*What the task asks*
Below are the records; count the lines that include the string "andP" and give only that number.

** Information provided follows **

(* For x in the simplex write M(x) = I - W(x)^T Theta and y(x) = M(x)^-1 1/n,
   so that F(x) = (I - Theta) y(x).  Since W(x)^T Theta has column sums
   theta_k < 1, a maximum principle (subunit_fixpoint_ge0) makes M(x)
   invertible with y(x) >= 0, and F maps the simplex into itself.

   On a star with center l the system for y(x) decouples into scalar
   relations (section Star): a leaf i with C_li = 0 satisfies
   F_i(x) (1 - theta_i x_i) = (1 - theta_i)/n, the center satisfies
   F_l(x) (1 - theta_l x_l) = (1 - theta_l) xi(F x)/n, and a node with
   theta_i = 0 is an affine function of F_l(x) and xi(F x).  The fixed points
   of the scalar relations are the roots root_val of a quadratic.  Around
   them the leaf relation contracts (leaf_contraction), which gives part (i);
   the center relation contracts on x_l <= 4/5 up to the forcing error
   |xi - xi*| (center_contraction), and the leaf budget guarantees
   x_l <= 4/5 after one step.  A perturbed-contraction lemma then gives
   geometric convergence of every coordinate to the equilibrium x*, and the
   same contractions show that x* is the unique fixed point (part (ii)). *)

(* Maximum principle: if y = b + A y with A >= 0 entrywise, b >= 0 and every
   column of A summing to less than 1, then y >= 0.  Summing the equation over
   the negative coordinates of y would otherwise give a strict contradiction.
   This is what makes I - W(x)^T Theta invertible with a nonnegative inverse. *)
Lemma subunit_fixpoint_ge0 (R : realFieldType) n (a : 'I_n -> 'I_n -> R)
    (y b : 'I_n -> R) :
  (forall i j, 0 <= a i j) -> (forall j, \sum_i a i j < 1) ->
  (forall i, 0 <= b i) -> (forall i, y i = b i + \sum_j a i j * y j) ->
  forall i, 0 <= y i.
Proof.
move=> a_ge0 a_col b_ge0 hy.
case: (boolP [exists i, y i < 0]) => [/existsP [i0 yi0_lt0]|/existsPn y_ge0 i];
  last by rewrite leNgt y_ge0.
exfalso; pose N := [pred i | y i < 0].
have neg_row i : N i -> \sum_(j | N j) a i j * y j <= y i.
  move=> _; rewrite hy.
  have : \sum_(j | N j) a i j * y j <= \sum_j a i j * y j.
    rewrite [X in _ <= X](bigID N) /= lerDl; apply: sumr_ge0 => j.
    by rewrite /N /= -leNgt => hj; exact: mulr_ge0.
  by move: (b_ge0 i); lra.
have sum_rows := ler_sum (index_enum _) neg_row.
rewrite exchange_big /= in sum_rows.
have : \sum_(j | N j) y j < \sum_(j | N j) \sum_(i | N i) a i j * y j.
  apply: ltr_sum; first by apply/hasP; exists i0; [rewrite mem_index_enum|].
  move=> j hj; rewrite -mulr_suml.
  have : \sum_(i | N i) a i j <= \sum_i a i j.
    by rewrite [X in _ <= X](bigID N) /= lerDl; apply: sumr_ge0 => i _.
  by have := a_col j; move: hj; rewrite /N /= => hj; nra.
lra.
Qed.

Lemma simplex_entry01 (R : archiRcfType) n (x : 'cV[R]_n) :
  in_simplex x -> forall i, 0 <= x i 0 <= 1.
Proof.
move=> [x_ge0 x_sum] i; rewrite x_ge0 /= -x_sum (bigD1 i) //= lerDl.
by apply: sumr_ge0 => j _.
Qed.

Section Resolvent.
Variables (R : archiRcfType) (n : nat) (C : 'M[R]_n) (theta : 'I_n -> R).
Hypothesis HC : row_stochastic_zero_diag C.
Hypothesis theta01 : forall i, 0 <= theta i /\ theta i <= 1.
Hypothesis theta_lt1 : forall i, theta i < 1.

Definition Mx (x : 'cV[R]_n) : 'M[R]_n := 1%:M - (Wmx C x)^T *m Theta theta.
Definition yvec (x : 'cV[R]_n) : 'cV[R]_n := invmx (Mx x) *m const_mx n%:R^-1.

Lemma Wmx_entry (x : 'cV[R]_n) i j :
  Wmx C x i j = (i == j)%:R * x i 0 + (1 - x i 0) * C i j.
Proof.
rewrite /Wmx mulmxBl mul1mx mul_diag_mx !mxE.
by case: eqP => [->|_]; rewrite /= ?mulr1n ?mulr0n ?mul1r ?mul0r; ring.
Qed.

Lemma Mx_mul_entry (x u : 'cV[R]_n) i :
  (Mx x *m u) i 0 = u i 0 - \sum_k (Wmx C x k i * theta k) * u k 0.
Proof.
rewrite /Mx mulmxBl mul1mx !mxE; congr (_ - _); apply: eq_bigr => k _.
by rewrite /Theta mul_mx_diag !mxE.
Qed.

Lemma Fmap_entry (x : 'cV[R]_n) i : Fmap C theta x i 0 = (1 - theta i) * yvec x i 0.
Proof. by rewrite /Fmap -mulmxA mulmxBl mul1mx /Theta mul_diag_mx !mxE; ring. Qed.

Lemma Wmx_row_sum (x : 'cV[R]_n) k : \sum_i Wmx C x k i = 1.
Proof.
under eq_bigr => i _ do rewrite Wmx_entry.
rewrite big_split /= -mulr_sumr (proj1 (proj2 HC)) mulr1.
rewrite (bigD1 k) //= eqxx mul1r big1 ?addr0; first ring.
by move=> i; rewrite eq_sym => /negbTE ->; rewrite mul0r.
Qed.
(* Let $n\ge2$ and $1\le r\le n-1$, and let $M$ be an invertible real $n\times n$ matrix. Let $\mathcal{M}$ be the set of all $P\in\mathbb{R}^{r\times(n-r)}$ such that $$\begin{pmatrix}\mathrm{Id}_r&P\\0&\mathrm{Id}_{n-r}\end{pmatrix}^{-1}M\begin{pmatrix}\mathrm{Id}_r&P\\0&\mathrm{Id}_{n-r}\end{pmatrix}=\begin{pmatrix}*&*\\ *&\hat M\end{pmatrix}$$ with $\hat M$ (the bottom-right $(n-r)\times(n-r)$ block) invertible. Then $\mathcal{M}$ is open and dense in $\mathbb{R}^{r\times(n-r)}$. *)

From HB Require Import structures.
From mathcomp Require Import all_boot all_order all_algebra.
From mathcomp Require Import all_classical all_reals all_analysis.
Set Implicit Arguments. Unset Strict Implicit. Unset Printing Implicit Defensive.
Import Order.TTheory GRing.Theory Num.Theory.
Import numFieldNormedType.Exports.
Local Open Scope ring_scope.
Local Open Scope classical_set_scope.

Definition shear_mx (R : comUnitRingType) (r k : nat) (P : 'M[R]_(r, k))
  : 'M[R]_(r + k) := block_mx 1%:M P 0 1%:M.

Definition good_set (R : realType) (r k : nat) (M : 'M[R]_(r + k))
  : set 'M[R]_(r, k) :=
  [set P | drsubmx (invmx (shear_mx P) *m M *m shear_mx P) \in unitmx].

From HB Require Import structures.
From mathcomp Require Import all_boot all_order all_algebra.
From mathcomp Require Import all_classical all_reals all_analysis.
Import Order.TTheory GRing.Theory Num.Theory.
Import numFieldNormedType.Exports.
Local Open Scope ring_scope.
Local Open Scope classical_set_scope.

(* Writing M = [[A, B], [C, D]], the bottom-right block of the conjugate is
   C P + D, so the set is the nonvanishing locus of P |-> det (C P + D).  It is
   open because this map is continuous.  Along a segment P0 + t (P1 - P0) the
   determinant is a polynomial in t, nonzero as soon as det (C P1 + D) != 0; it
   then has a non-root t arbitrarily close to 0, which gives density.  Such a P1
   exists: if [[A', B'], [C', D']] is the inverse of M then C B' + D D' = 1, so
   P1 = B' (D' + s)^-1 gives C P1 + D = (1 + s D) (D' + s)^-1, invertible for
   all but finitely many s. *)

Lemma invmx_shear (R : comUnitRingType) r k (P : 'M[R]_(r, k)) :
  invmx (shear_mx P) = shear_mx (- P).
Proof.
have shearK : shear_mx P *m shear_mx (- P) = 1%:M.
  rewrite /shear_mx mulmx_block !mulmx0 !mul0mx !mulmx1 !mul1mx !addr0 !add0r.
  by rewrite addNr scalar_mx_block.
have [shear_unit _] := mulmx1_unit shearK.
by rewrite -[RHS]mul1mx -(mulVmx shear_unit) -mulmxA shearK mulmx1.
Qed.

Lemma drsubmx_shear_conj (R : comUnitRingType) r k (P : 'M[R]_(r, k))
    (M : 'M[R]_(r + k)) :
  drsubmx (invmx (shear_mx P) *m M *m shear_mx P) = dlsubmx M *m P + drsubmx M.
Proof.
rewrite invmx_shear /shear_mx -[M]submxK !mulmx_block block_mxKdr.
by rewrite !mulmx0 !mul0mx !mulmx1 !mul1mx !addr0 !add0r !block_mxKdl !block_mxKdr.
Qed.

Lemma good_setE (R : realType) r k (M : 'M[R]_(r + k)) :
  good_set M = [set P | dlsubmx M *m P + drsubmx M \in unitmx].
Proof. by apply/funext => P; rewrite /good_set /= drsubmx_shear_conj. Qed.

Lemma exists_small_nonroot {R : numFieldType} {p : {poly R}} {e : R} :
  p != 0 -> 0 < e -> exists2 t, 0 < t < e & ~~ root p t.
Proof.
move=> p_neq0 e_gt0.
pose candidates := [seq e / i.+2%:R | i <- iota 0 (size p)].
have candidates_uniq : uniq candidates.
  rewrite map_inj_uniq ?iota_uniq // => i j.
  by move/(mulfI (lt0r_neq0 e_gt0))/invr_inj/eqP; rewrite eqr_nat => /eqP [].
have : ~~ all (root p) candidates.
  apply/negP => all_roots.
  have := max_poly_roots p_neq0 all_roots candidates_uniq.
  by rewrite size_map size_iota ltnn.
case/allPn => _ /mapP [i _ ->] not_root; exists (e / i.+2%:R) => //.
by rewrite divr_gt0 ?ltr0n //= ltr_pdivrMr ?ltr0n // ltr_pMr // ltr1n.
Qed.

Section DetPencil.
Context {R : comNzRingType} {n : nat}.
Implicit Types A B : 'M[R]_n.

Definition det_pencil A B : {poly R} :=
  \det (map_mx polyC A + 'X *: map_mx polyC B).

Lemma horner_det_pencil A B t : (det_pencil A B).[t] = \det (A + t *: B).
Proof.
rewrite /det_pencil -horner_evalE -det_map_mx; congr (\det _).
by apply/matrixP => i j; rewrite !mxE /= horner_evalE !hornerE.
Qed.

Lemma det_pencil_neq0 A B t : \det (A + t *: B) != 0 -> det_pencil A B != 0.
Proof. by apply: contraNneq => pencil0; rewrite -horner_det_pencil pencil0 horner0. Qed.

Lemma det_pencil_char_poly A : det_pencil A 1%:M = char_poly (- A).
Proof.
by rewrite /det_pencil /char_poly /char_poly_mx map_mxN opprK addrC map_mx1 scalemx1.
Qed.

End DetPencil.

Lemma exists_small_unit_pencil {R : numFieldType} {n} (A B : 'M[R]_n) {e : R} :
  A + B \in unitmx -> 0 < e -> exists2 t, 0 < t < e & A + t *: B \in unitmx.
Proof.
rewrite unitmxE unitfE -[B in A + B]scale1r => /det_pencil_neq0 pencil_neq0 e_gt0.
have [t t_small not_root] := exists_small_nonroot pencil_neq0 e_gt0.
by exists t; rewrite // unitmxE unitfE -horner_det_pencil.
Qed.

Lemma exists_affine_unitmx (R : numFieldType) r k (M : 'M[R]_(r + k)) :
  M \in unitmx -> exists P, dlsubmx M *m P + drsubmx M \in unitmx.
Proof.
move=> M_unit; set C := dlsubmx M; set D := drsubmx M.
set B' := ursubmx (invmx M); set D' := drsubmx (invmx M).
have CB'_DD' : C *m B' + D *m D' = 1%:M.
  have := mulmxV M_unit.
  rewrite -{1}[M]submxK -[invmx M]submxK mulmx_block scalar_mx_block.
  by case/eq_block_mx.
have pencil1D_neq0 : det_pencil 1%:M D != 0.
  by apply: (det_pencil_neq0 _ _ 0); rewrite scale0r addr0 det1 oner_neq0.
have pencilD'1_neq0 : det_pencil D' 1%:M != 0.
  by rewrite det_pencil_char_poly monic_neq0 ?char_poly_monic.
have [s _] := exists_small_nonroot (mulf_neq0 pencil1D_neq0 pencilD'1_neq0) ltr01.
rewrite rootM negb_or !rootE !horner_det_pencil => /andP [det1D det_D's].
set Q := D' + s *: 1%:M.
have Q_unit : Q \in unitmx by rewrite unitmxE unitfE.
exists (B' *m invmx Q).
have -> : C *m (B' *m invmx Q) + D = (1%:M + s *: D) *m invmx Q.
  rewrite -[D in LHS](mulmxK Q_unit) mulmxA -mulmxDl; congr (_ *m _).
  by rewrite /Q mulmxDr addrA CB'_DD' -scalemxAr mulmx1.
by rewrite unitmx_mul unitmx_inv Q_unit andbT unitmxE unitfE.
Qed.

Lemma continuous_det (K : numFieldType) (T : topologicalType) n
    (f : T -> 'M[K]_n) :
  (forall i j, continuous (fun x => f x i j)) -> continuous (fun x => \det (f x)).
Proof.
move=> f_cont; apply: continuous_big; first exact: add_continuous.
move=> s _ x; apply: cvgMl_tmp; move: x.
by apply: continuous_big => [|i _]; [exact: mul_continuous | exact: f_cont].
Qed.

Section AffineUnitmx.
Variables (R : realFieldType) (r k : nat) (C : 'M[R]_(k, r)) (D : 'M[R]_k).

Lemma open_affine_unitmx : open [set P | C *m P + D \in unitmx].
Proof.
have -> : [set P | C *m P + D \in unitmx] =
          (fun P => \det (C *m P + D)) @^-1` [set x | x != 0].
  by apply/seteqP; split => P /=; rewrite unitmxE unitfE.
apply: open_comp; last exact: open_neq.
move=> P _; apply: continuous_det => i j.
under eq_fun do rewrite !mxE.
move=> Q; apply: (cvgD (F := nbhs Q)); last exact: cvg_cst.
move: Q; apply: continuous_big => [|l _]; first exact: add_continuous.
by move=> Q; apply: (cvgMl_tmp (F := nbhs Q)); exact: coord_continuous.
Qed.

Lemma dense_affine_unitmx :
  (exists P, C *m P + D \in unitmx) -> dense [set P | C *m P + D \in unitmx].
Proof.
move=> [P1 P1_unit] O [P0 OP0] O_open.
have /nbhs_ballP [e e_gt0 ballO] : nbhs P0 O by exact: open_nbhs_nbhs.
set Q := P1 - P0.
have segmentE t : C *m (P0 + t *: Q) + D = (C *m P0 + D) + t *: (C *m Q).
  by rewrite mulmxDr -scalemxAr addrAC.
have step_gt0 : 0 < e / (`|Q| + 1) by rewrite divr_gt0 // ltr_wpDl.
have [|t /andP [t_gt0 t_small] unit_t] :=
  exists_small_unit_pencil (C *m P0 + D) (C *m Q) _ step_gt0.
  by rewrite -[C *m Q]scale1r -segmentE scale1r /Q [P0 + _]addrC subrK.
exists (P0 + t *: Q); split; last by rewrite /= segmentE.
apply: ballO; rewrite -ball_normE /ball_ /= opprD addNKr normrN normrZ gtr0_norm //.
rewrite ltr_pdivlMr ?ltr_wpDl // in t_small; apply: le_lt_trans t_small.
by apply: ler_wpM2l; [exact: ltW | rewrite lerDl ler01].
Qed.

End AffineUnitmx.

Theorem lemma5 (R : realType) (r k : nat) (hr : (1 <= r)%N) (hk : (1 <= k)%N)
  (M : 'M[R]_(r + k)) (hM : M \in unitmx) :
  open (good_set M) /\ dense (good_set M).
Proof.
rewrite good_setE; split; first exact: open_affine_unitmx.
exact/dense_affine_unitmx/exists_affine_unitmx.
Qed.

** End of Information provided **

*Task answer*
2